**INFORMATION PROVIDED**
╔══
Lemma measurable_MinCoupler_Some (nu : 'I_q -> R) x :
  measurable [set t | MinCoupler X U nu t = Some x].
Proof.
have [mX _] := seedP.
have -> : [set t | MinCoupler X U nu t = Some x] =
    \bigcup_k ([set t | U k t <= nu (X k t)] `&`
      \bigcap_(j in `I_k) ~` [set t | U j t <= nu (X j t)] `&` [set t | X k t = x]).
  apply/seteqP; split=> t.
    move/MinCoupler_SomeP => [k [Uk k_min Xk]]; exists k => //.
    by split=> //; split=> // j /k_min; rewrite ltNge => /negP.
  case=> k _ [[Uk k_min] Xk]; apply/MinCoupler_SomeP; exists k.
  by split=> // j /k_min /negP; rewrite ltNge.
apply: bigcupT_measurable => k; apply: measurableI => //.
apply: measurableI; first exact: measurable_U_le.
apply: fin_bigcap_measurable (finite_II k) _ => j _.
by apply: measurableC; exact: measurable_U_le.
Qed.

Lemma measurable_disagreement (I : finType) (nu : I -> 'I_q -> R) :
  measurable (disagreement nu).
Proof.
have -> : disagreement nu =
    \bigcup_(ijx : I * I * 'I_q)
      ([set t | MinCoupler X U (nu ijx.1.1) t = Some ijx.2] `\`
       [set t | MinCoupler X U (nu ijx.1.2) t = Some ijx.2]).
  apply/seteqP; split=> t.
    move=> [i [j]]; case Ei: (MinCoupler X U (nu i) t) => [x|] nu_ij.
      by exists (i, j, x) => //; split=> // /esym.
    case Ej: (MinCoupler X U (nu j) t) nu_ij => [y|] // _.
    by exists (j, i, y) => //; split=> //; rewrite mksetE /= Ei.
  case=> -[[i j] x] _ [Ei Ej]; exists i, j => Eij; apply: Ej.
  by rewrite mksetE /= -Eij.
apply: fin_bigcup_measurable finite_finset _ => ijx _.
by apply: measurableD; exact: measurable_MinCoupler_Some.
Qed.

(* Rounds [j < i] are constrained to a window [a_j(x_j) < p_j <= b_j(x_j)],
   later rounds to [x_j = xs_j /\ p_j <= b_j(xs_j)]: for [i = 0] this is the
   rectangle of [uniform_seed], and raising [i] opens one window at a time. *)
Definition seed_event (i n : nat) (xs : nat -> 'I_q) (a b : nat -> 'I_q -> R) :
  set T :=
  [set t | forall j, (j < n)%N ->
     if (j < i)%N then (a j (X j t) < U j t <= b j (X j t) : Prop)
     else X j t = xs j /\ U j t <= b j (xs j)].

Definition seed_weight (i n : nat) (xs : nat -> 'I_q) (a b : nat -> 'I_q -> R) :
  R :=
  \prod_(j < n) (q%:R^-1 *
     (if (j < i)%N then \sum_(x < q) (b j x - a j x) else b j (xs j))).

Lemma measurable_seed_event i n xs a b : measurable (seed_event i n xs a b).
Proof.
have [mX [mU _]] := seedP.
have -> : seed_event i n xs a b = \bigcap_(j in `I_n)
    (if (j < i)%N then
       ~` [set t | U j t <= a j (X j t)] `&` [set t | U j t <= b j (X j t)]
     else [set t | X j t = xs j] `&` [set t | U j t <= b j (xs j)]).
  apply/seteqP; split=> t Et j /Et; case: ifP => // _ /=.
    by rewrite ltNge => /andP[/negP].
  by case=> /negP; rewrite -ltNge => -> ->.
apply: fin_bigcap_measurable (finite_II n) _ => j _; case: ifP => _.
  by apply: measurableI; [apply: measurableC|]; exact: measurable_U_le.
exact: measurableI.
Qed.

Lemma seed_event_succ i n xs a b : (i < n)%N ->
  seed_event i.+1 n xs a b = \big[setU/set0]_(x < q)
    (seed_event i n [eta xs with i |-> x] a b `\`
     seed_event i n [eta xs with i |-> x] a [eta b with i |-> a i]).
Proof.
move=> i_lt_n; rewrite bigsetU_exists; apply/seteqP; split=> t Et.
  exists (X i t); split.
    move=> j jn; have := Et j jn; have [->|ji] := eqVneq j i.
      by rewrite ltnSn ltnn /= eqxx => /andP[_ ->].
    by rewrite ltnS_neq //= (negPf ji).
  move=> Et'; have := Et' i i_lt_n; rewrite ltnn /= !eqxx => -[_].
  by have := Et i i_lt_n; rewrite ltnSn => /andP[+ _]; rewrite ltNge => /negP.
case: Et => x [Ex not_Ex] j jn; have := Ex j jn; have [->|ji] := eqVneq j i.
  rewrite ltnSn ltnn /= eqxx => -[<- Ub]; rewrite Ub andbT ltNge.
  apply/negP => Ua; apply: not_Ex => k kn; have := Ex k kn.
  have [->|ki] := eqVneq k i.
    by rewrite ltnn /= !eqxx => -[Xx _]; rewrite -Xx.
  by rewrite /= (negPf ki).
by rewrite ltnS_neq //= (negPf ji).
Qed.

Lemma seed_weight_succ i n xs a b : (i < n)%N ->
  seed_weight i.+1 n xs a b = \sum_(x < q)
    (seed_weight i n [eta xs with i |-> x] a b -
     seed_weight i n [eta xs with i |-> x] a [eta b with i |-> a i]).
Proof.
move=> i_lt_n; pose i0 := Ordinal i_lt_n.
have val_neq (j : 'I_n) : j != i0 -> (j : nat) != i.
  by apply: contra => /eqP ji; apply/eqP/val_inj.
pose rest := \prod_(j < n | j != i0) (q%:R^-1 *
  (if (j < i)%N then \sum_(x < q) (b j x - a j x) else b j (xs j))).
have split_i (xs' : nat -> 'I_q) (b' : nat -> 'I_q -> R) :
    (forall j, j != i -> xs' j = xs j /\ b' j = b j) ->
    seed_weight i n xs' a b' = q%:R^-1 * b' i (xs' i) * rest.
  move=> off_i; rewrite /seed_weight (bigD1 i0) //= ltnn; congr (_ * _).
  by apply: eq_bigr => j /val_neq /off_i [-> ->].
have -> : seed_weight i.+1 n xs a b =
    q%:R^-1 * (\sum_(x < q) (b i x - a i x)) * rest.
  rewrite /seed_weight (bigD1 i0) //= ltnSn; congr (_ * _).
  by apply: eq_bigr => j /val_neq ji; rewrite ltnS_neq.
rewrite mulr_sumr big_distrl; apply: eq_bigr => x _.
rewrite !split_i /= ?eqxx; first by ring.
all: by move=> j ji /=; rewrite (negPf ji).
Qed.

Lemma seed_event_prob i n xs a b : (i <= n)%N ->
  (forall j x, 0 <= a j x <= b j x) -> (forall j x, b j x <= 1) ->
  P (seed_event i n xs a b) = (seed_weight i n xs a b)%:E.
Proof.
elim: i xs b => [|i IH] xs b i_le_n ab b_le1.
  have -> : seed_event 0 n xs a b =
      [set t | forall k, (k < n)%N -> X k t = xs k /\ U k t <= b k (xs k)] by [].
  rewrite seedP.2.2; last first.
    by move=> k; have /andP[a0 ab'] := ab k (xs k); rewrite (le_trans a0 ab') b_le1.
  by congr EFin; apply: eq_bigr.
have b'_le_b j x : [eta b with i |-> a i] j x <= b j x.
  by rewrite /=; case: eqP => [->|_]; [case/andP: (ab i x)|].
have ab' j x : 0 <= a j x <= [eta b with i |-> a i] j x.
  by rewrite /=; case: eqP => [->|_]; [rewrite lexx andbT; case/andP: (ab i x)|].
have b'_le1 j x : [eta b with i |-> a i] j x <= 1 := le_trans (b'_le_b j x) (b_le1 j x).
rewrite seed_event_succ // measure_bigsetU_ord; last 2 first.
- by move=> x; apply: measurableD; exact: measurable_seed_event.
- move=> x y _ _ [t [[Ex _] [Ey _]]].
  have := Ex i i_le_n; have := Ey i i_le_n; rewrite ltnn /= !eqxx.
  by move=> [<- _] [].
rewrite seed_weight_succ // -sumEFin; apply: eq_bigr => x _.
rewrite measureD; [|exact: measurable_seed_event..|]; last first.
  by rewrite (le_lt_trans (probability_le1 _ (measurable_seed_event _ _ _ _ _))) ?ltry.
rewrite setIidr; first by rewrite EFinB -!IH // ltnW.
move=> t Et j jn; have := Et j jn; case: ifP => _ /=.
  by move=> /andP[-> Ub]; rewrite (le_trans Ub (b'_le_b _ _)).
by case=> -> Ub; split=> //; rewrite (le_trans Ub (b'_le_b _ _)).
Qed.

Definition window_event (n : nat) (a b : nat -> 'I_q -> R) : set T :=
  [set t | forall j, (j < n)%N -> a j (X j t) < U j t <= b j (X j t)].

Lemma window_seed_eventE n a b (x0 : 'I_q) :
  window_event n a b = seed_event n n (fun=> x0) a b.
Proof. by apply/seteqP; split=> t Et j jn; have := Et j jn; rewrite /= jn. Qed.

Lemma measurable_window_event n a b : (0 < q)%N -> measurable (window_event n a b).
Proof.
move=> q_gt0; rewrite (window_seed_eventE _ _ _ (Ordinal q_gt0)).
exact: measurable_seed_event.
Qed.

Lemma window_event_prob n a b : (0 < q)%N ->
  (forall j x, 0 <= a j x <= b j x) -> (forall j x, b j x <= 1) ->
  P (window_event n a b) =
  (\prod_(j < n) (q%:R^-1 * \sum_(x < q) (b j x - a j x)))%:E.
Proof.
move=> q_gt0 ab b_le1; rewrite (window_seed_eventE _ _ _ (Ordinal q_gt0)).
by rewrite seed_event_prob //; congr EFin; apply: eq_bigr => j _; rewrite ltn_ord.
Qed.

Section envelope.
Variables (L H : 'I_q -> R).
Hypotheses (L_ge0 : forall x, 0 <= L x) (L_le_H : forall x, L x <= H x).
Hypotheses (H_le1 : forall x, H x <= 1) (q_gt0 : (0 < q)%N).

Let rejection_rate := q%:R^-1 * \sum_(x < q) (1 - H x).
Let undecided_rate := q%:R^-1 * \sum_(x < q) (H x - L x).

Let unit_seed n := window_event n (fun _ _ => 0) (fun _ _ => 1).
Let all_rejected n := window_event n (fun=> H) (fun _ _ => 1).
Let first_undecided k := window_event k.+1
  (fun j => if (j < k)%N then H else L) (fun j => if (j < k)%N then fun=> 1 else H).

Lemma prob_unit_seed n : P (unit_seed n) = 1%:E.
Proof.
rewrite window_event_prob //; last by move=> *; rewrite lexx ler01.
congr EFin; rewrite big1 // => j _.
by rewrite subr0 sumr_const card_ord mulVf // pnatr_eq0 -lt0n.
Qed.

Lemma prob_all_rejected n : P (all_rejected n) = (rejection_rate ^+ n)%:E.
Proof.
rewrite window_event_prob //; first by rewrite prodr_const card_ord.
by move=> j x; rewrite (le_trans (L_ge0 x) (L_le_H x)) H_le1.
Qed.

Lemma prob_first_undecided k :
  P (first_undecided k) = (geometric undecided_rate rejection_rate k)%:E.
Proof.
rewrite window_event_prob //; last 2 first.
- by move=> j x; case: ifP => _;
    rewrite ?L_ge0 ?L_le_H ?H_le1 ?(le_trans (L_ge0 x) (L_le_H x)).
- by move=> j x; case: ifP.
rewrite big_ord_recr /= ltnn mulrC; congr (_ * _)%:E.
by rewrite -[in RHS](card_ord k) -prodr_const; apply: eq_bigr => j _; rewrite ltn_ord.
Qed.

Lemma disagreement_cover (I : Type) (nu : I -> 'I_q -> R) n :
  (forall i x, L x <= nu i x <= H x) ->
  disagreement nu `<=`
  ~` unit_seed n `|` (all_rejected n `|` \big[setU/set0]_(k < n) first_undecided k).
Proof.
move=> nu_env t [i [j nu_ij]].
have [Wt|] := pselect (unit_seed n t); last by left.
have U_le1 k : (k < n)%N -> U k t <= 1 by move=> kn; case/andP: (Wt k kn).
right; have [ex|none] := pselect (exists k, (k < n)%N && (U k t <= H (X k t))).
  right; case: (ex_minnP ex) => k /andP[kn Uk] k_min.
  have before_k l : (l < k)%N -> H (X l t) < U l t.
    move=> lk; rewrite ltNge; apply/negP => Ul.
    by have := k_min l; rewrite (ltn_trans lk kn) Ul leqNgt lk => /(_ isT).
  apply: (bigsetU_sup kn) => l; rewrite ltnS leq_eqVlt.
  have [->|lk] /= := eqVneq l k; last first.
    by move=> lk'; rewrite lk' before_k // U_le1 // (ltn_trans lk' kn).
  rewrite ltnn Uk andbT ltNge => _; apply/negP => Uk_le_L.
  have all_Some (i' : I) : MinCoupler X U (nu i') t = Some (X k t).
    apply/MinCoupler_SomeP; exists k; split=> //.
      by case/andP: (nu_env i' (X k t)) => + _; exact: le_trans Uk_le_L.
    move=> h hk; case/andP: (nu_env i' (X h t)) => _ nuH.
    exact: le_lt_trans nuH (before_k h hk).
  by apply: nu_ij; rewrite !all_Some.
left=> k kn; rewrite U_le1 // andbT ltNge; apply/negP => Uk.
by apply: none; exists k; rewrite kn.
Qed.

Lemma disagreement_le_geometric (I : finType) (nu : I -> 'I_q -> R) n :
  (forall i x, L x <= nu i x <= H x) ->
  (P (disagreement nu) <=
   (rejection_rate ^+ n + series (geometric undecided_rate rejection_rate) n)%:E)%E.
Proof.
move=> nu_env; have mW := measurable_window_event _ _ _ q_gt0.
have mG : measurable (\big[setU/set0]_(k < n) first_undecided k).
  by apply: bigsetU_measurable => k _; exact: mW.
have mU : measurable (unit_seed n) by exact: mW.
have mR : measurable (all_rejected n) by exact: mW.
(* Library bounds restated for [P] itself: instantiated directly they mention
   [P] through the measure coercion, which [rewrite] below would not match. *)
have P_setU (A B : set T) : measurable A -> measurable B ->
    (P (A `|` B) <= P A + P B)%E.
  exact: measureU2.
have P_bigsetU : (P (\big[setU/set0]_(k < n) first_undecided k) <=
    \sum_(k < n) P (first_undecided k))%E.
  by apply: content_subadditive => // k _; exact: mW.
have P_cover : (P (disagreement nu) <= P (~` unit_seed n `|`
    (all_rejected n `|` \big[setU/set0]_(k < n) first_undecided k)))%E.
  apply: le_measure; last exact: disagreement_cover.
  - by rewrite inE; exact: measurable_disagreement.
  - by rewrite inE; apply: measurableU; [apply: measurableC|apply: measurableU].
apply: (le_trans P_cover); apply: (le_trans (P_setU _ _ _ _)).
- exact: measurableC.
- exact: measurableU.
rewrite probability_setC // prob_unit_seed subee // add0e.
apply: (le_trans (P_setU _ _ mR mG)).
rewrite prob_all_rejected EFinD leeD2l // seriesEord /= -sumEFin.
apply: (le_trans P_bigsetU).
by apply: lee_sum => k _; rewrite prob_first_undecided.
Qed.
╚══
**PROBLEM DESCRIPTION**
Take exactly the lines from the one containing "by rewrite ltnSn" through the one containing "have b'_le_b j" in the data above, and output them with nothing added.

**EXERCISE OUTPUT**
      by rewrite ltnSn ltnn /= eqxx => /andP[_ ->].
    by rewrite ltnS_neq //= (negPf ji).
  move=> Et'; have := Et' i i_lt_n; rewrite ltnn /= !eqxx => -[_].
  by have := Et i i_lt_n; rewrite ltnSn => /andP[+ _]; rewrite ltNge => /negP.
case: Et => x [Ex not_Ex] j jn; have := Ex j jn; have [->|ji] := eqVneq j i.
  rewrite ltnSn ltnn /= eqxx => -[<- Ub]; rewrite Ub andbT ltNge.
  apply/negP => Ua; apply: not_Ex => k kn; have := Ex k kn.
  have [->|ki] := eqVneq k i.
    by rewrite ltnn /= !eqxx => -[Xx _]; rewrite -Xx.
  by rewrite /= (negPf ki).
by rewrite ltnS_neq //= (negPf ji).
Qed.

Lemma seed_weight_succ i n xs a b : (i < n)%N ->
  seed_weight i.+1 n xs a b = \sum_(x < q)
    (seed_weight i n [eta xs with i |-> x] a b -
     seed_weight i n [eta xs with i |-> x] a [eta b with i |-> a i]).
Proof.
move=> i_lt_n; pose i0 := Ordinal i_lt_n.
have val_neq (j : 'I_n) : j != i0 -> (j : nat) != i.
  by apply: contra => /eqP ji; apply/eqP/val_inj.
pose rest := \prod_(j < n | j != i0) (q%:R^-1 *
  (if (j < i)%N then \sum_(x < q) (b j x - a j x) else b j (xs j))).
have split_i (xs' : nat -> 'I_q) (b' : nat -> 'I_q -> R) :
    (forall j, j != i -> xs' j = xs j /\ b' j = b j) ->
    seed_weight i n xs' a b' = q%:R^-1 * b' i (xs' i) * rest.
  move=> off_i; rewrite /seed_weight (bigD1 i0) //= ltnn; congr (_ * _).
  by apply: eq_bigr => j /val_neq /off_i [-> ->].
have -> : seed_weight i.+1 n xs a b =
    q%:R^-1 * (\sum_(x < q) (b i x - a i x)) * rest.
  rewrite /seed_weight (bigD1 i0) //= ltnSn; congr (_ * _).
  by apply: eq_bigr => j /val_neq ji; rewrite ltnS_neq.
rewrite mulr_sumr big_distrl; apply: eq_bigr => x _.
rewrite !split_i /= ?eqxx; first by ring.
all: by move=> j ji /=; rewrite (negPf ji).
Qed.

Lemma seed_event_prob i n xs a b : (i <= n)%N ->
  (forall j x, 0 <= a j x <= b j x) -> (forall j x, b j x <= 1) ->
  P (seed_event i n xs a b) = (seed_weight i n xs a b)%:E.
Proof.
elim: i xs b => [|i IH] xs b i_le_n ab b_le1.
  have -> : seed_event 0 n xs a b =
      [set t | forall k, (k < n)%N -> X k t = xs k /\ U k t <= b k (xs k)] by [].
  rewrite seedP.2.2; last first.
    by move=> k; have /andP[a0 ab'] := ab k (xs k); rewrite (le_trans a0 ab') b_le1.
  by congr EFin; apply: eq_bigr.
have b'_le_b j x : [eta b with i |-> a i] j x <= b j x.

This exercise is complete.